(Collected data)
►

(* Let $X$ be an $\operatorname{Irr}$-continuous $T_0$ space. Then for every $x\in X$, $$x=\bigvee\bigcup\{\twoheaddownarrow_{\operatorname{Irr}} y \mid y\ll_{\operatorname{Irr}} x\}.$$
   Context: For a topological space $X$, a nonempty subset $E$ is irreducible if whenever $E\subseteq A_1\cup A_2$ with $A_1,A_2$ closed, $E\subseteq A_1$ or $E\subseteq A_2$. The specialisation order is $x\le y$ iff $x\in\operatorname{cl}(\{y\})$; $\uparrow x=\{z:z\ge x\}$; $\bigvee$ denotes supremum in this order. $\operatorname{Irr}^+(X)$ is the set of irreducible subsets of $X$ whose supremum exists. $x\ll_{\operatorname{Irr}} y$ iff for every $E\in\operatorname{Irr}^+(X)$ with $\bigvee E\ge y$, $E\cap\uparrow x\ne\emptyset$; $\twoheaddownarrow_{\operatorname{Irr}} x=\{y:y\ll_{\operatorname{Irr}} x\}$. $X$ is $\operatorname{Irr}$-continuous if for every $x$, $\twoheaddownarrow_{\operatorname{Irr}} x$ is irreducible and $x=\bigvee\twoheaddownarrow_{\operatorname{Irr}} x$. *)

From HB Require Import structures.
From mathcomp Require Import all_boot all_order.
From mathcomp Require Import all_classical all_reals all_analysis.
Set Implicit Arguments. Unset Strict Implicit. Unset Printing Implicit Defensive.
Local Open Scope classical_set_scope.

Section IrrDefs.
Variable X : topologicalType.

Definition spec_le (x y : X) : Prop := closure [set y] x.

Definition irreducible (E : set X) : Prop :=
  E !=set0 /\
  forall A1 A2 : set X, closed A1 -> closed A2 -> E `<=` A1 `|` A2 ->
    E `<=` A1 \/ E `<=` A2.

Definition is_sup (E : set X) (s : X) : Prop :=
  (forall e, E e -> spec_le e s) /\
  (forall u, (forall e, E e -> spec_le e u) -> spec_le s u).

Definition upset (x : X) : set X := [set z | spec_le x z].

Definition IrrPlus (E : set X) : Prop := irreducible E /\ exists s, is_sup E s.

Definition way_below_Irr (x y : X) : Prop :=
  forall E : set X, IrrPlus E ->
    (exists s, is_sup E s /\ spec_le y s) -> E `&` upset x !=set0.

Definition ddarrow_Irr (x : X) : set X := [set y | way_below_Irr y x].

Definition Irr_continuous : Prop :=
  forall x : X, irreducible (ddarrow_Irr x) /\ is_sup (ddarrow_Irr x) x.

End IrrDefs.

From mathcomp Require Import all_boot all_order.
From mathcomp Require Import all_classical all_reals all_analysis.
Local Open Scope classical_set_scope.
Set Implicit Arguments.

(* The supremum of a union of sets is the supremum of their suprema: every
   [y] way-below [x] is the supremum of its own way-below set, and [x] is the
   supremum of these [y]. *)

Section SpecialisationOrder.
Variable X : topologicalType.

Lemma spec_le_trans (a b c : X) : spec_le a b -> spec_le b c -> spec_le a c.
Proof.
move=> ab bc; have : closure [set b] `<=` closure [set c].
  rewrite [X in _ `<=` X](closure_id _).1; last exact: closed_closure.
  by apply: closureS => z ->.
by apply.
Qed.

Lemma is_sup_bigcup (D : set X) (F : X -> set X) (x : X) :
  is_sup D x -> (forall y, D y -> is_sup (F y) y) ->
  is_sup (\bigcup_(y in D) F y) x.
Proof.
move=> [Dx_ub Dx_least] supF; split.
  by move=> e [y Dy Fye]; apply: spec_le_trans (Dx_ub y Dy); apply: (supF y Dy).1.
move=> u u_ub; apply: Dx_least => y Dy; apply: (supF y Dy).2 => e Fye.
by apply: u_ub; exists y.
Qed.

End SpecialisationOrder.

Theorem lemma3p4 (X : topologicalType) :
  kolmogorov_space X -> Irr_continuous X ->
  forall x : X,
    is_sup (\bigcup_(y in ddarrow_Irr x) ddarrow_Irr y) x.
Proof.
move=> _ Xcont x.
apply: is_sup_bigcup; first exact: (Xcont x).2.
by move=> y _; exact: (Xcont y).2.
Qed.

◄

§ **Exercise goal**:
Which lines above hold the string "move"? Please copy all of them.

§ **Solution to the exercise**:
move=> ab bc; have : closure [set b] `<=` closure [set c].
move=> [Dx_ub Dx_least] supF; split.
  by move=> e [y Dy Fye]; apply: spec_le_trans (Dx_ub y Dy); apply: (supF y Dy).1.
move=> u u_ub; apply: Dx_least => y Dy; apply: (supF y Dy).2 => e Fye.
move=> _ Xcont x.
by move=> y _; exact: (Xcont y).2.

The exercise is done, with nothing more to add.